[[ Material to process open ]]

Lemma low_sums_sub : low_sums \subset sumset A.
Proof.
apply/subsetP => s; rewrite inE => /andP [o_s s_top].
have [|x [h [Px x_top h_m s_eq]]] := @progressions_cover m o b (s - o.+1) m_gt0; first lia.
apply: (mem_sumset_witness (x := x) (y := h.+1)); try lia.
- by apply/orP; right; apply/orP; left.
- by rewrite /in_witness /= ltnS h_m.
Qed.

Lemma high_sums_sub : high_sums \subset sumset A.
Proof.
apply/subsetP => s; rewrite inE => /andP [lo_s s_hi].
have [|x [h [Px x_top h_m s_eq]]] :=
  @progressions_cover m o b (s - (n - m + o)) m_gt0; first lia.
apply: (mem_sumset_witness (x := x) (y := n - m + h)); try lia.
- by apply/orP; right; apply/orP; left.
- by rewrite /in_witness leq_addr !orbT.
Qed.

Definition pair_sum (p : 'I_m * 'I_b) : 'I_(2 * n).+1 :=
  inord (o + m.+1 * p.1 + (o + m * m.+1 + m * p.2)).

Lemma pair_sumE p : pair_sum p = o + m.+1 * p.1 + (o + m * m.+1 + m * p.2) :> nat.
Proof.
case: p => i j; rewrite inordK //=.
have : m.+1 * i.+1 <= m.+1 * m by rewrite leq_mul2l ltn_ord orbT.
have : m * j.+1 <= m * b by rewrite leq_mul2l ltn_ord orbT.
lia.
Qed.

Lemma pair_sum_inj : injective pair_sum.
Proof.
(* The pair sum of (i, j) is 2o + m(m+1) + (i + j)m + i: its residue mod m is i. *)
move=> [i j] [i' j'] /(congr1 (@nat_of_ord _)); rewrite !pair_sumE /= => eq_sum.
have eq_i : i = i' :> nat.
  have : ((i + j) * m + i) %% m = ((i' + j') * m + i') %% m by congr (_ %% m); lia.
  by rewrite !modnMDl !modn_small.
have eq_j : m * j = m * j' by lia.
by congr pair; apply: val_inj => //=; move/eqP: eq_j; rewrite eqn_mul2l gtn_eqF // => /eqP.
Qed.

Lemma pair_sums_sub : pair_sum @: setT \subset sumset A.
Proof.
apply/subsetP => _ /imsetP [[i j] _ ->].
have : m.+1 * i.+1 <= m.+1 * m by rewrite leq_mul2l ltn_ord orbT.
have : m * j.+1 <= m * b by rewrite leq_mul2l ltn_ord orbT.
move=> j_b i_m.
apply: (mem_sumset_witness (x := o + m.+1 * i) (y := o + m * m.+1 + m * j)); try lia.
- by apply/orP; right; apply/orP; left; apply/orP; left; apply/existsP; exists i.
- by apply/orP; right; apply/orP; left; apply/orP; right; apply/existsP; exists j.
- by rewrite pair_sumE.
Qed.

Local Notation t_low := ((m * b - o) %/ m + 1).
Local Notation t_high := (m + b - (n - (o + m * m.+1)) %/ m).

Lemma pair_sums_overlap :
  (low_sums :|: high_sums) :&: pair_sum @: setT \subset
  pair_sum @: [set p : 'I_m * 'I_b | p.1 + p.2 < t_low] :|:
  pair_sum @: [set p : 'I_m * 'I_b | m + b < p.1 + p.2 + t_high + 2].
Proof.
apply/subsetP => s /setIP [s_in /imsetP [[i j] _ s_eq]]; rewrite s_eq in s_in *.
have := pair_sumE (i, j); move: s_in; rewrite !inE => /orP [] /andP [lo hi] /= sum_eq;
  rewrite sum_eq in lo hi.
- apply/orP; left; apply: imset_f; rewrite inE /=.
  have : (i + j) * m <= m * b - o by lia.
  by rewrite -leq_divRL //; lia.
- apply/orP; right; apply: imset_f; rewrite inE /=.
  set q := (n - (o + m * m.+1)) %/ m.
  have q_le : q * m <= n - (o + m * m.+1) by apply: leq_divM.
  have : q * m < (i + j + 2) * m by have := ltn_ord i; lia.
  by rewrite ltn_pmul2r //; lia.
Qed.

Lemma card_sumset_witness :
  4 * (m * m.+1 + m * b) + 2 * (m * b) <=
  2 * #|sumset A| + t_low * t_low.+1 + t_high * t_high.+1
  + 2 * (top.+1 - (n - m + o)).
Proof.
pose pairs := pair_sum @: [set: 'I_m * 'I_b].
have card_low : #|low_sums| = m * m.+1 + m * b by rewrite card_interval; lia.
have card_high : #|high_sums| = m * m.+1 + m * b by rewrite card_interval; lia.
have card_low_high : #|low_sums :&: high_sums| <= top.+1 - (n - m + o).
  rewrite -(@card_interval (2 * n) (n - m + o) top.+1); last by lia.
  by apply/subset_leq_card/subsetP => s; rewrite !inE => /andP [/andP [_ ->] /andP [-> _]].
have card_pairs : #|pairs| = m * b.
  by rewrite card_imset ?cardsT ?card_prod ?card_ord //; exact: pair_sum_inj.
have card_overlap : 2 * #|(low_sums :|: high_sums) :&: pairs| <=
                    t_low * t_low.+1 + t_high * t_high.+1.
  have := leq_add (card_triangle m b t_low) (card_upper_triangle m b t_high).
  rewrite -mulnDr; apply: leq_trans; rewrite leq_mul2l /=.
  apply: leq_trans (subset_leq_card pair_sums_overlap) _.
  apply: leq_trans (leq_card_setU _ _).1 _.
  exact: leq_add (leq_imset_card _ _) (leq_imset_card _ _).
have card_union : #|low_sums :|: high_sums :|: pairs| <= #|sumset A|.
  by apply: subset_leq_card; rewrite !subUset low_sums_sub high_sums_sub pair_sums_sub.
have := cardsUI low_sums high_sums; have := cardsUI (low_sums :|: high_sums) pairs.
move: card_union card_overlap card_low card_high card_low_high card_pairs.
set LH := low_sums :|: high_sums.
set T_low := t_low * _; set T_high := t_high * _.
set U := #|LH :|: pairs|; set I := #|LH :&: pairs|; set L := #|LH|.
set J := #|low_sums :&: high_sums|; set X1 := #|low_sums|; set X2 := #|high_sums|.
set S := #|sumset A|; set P := #|pairs|.
lia.
Qed.

End WitnessSumset.

Local Open Scope R_scope.

Lemma INR_addn (x y : nat) : INR (x + y) = INR x + INR y.
Proof. exact: plus_INR. Qed.

Lemma INR_muln (x y : nat) : INR (x * y) = INR x * INR y.
Proof. exact: mult_INR. Qed.

Lemma INR_succn (x : nat) : INR x.+1 = INR x + 1.
Proof. exact: S_INR. Qed.

Lemma INR_leq (x y : nat) : (x <= y)%N -> INR x <= INR y.
Proof. by move/leP; apply: le_INR. Qed.

Lemma INR_subn (x y : nat) : INR (x - y) = Rmax 0 (INR x - INR y).
Proof.
case: (leqP y x) => [yx | xy].
  rewrite Rmax_right; first exact: (minus_INR _ _ (leP yx)).
  by have := INR_leq yx; lra.
rewrite (_ : x - y = 0)%N; last by apply/eqP; rewrite subn_eq0 ltnW.
by rewrite Rmax_left //=; have := lt_INR _ _ (ltP xy); lra.
Qed.

Lemma INR_minn (x y : nat) : INR (minn x y) = Rmin (INR x) (INR y).
Proof.
rewrite /minn; case: ltnP => [xy | yx]; last by rewrite Rmin_right //; exact: INR_leq.
by rewrite Rmin_left //; have := lt_INR _ _ (ltP xy); lra.
Qed.

Lemma INR_divn_bounds (x m : nat) : (0 < m)%N ->
  INR x / INR m - 1 < INR (x %/ m) <= INR x / INR m.
Proof.
move=> m_gt0; have m_pos : 0 < INR m by apply: lt_0_INR; apply/ltP.
have lo : INR x < (INR (x %/ m) + 1) * INR m.
  by rewrite -INR_succn -INR_muln; apply/lt_INR/ltP/ltn_ceil.
have hi : INR (x %/ m) * INR m <= INR x by rewrite -INR_muln; apply/INR_leq/leq_divM.
split; last exact/(Rle_div_r _ _ _ m_pos).
by have := proj2 (Rlt_div_l _ _ _ m_pos) lo; lra.
Qed.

[[ Material to process closed ]]

◆ What you will do ◆
Return, word for word, the line containing "by rewrite Rmin_left" and all lines after it through the last line of the records, and nothing else.

◆ Task answer ◆
by rewrite Rmin_left //; have := lt_INR _ _ (ltP xy); lra.
Qed.

Lemma INR_divn_bounds (x m : nat) : (0 < m)%N ->
  INR x / INR m - 1 < INR (x %/ m) <= INR x / INR m.
Proof.
move=> m_gt0; have m_pos : 0 < INR m by apply: lt_0_INR; apply/ltP.
have lo : INR x < (INR (x %/ m) + 1) * INR m.
  by rewrite -INR_succn -INR_muln; apply/lt_INR/ltP/ltn_ceil.
have hi : INR (x %/ m) * INR m <= INR x by rewrite -INR_muln; apply/INR_leq/leq_divM.
split; last exact/(Rle_div_r _ _ _ m_pos).
by have := proj2 (Rlt_div_l _ _ _ m_pos) lo; lra.
Qed.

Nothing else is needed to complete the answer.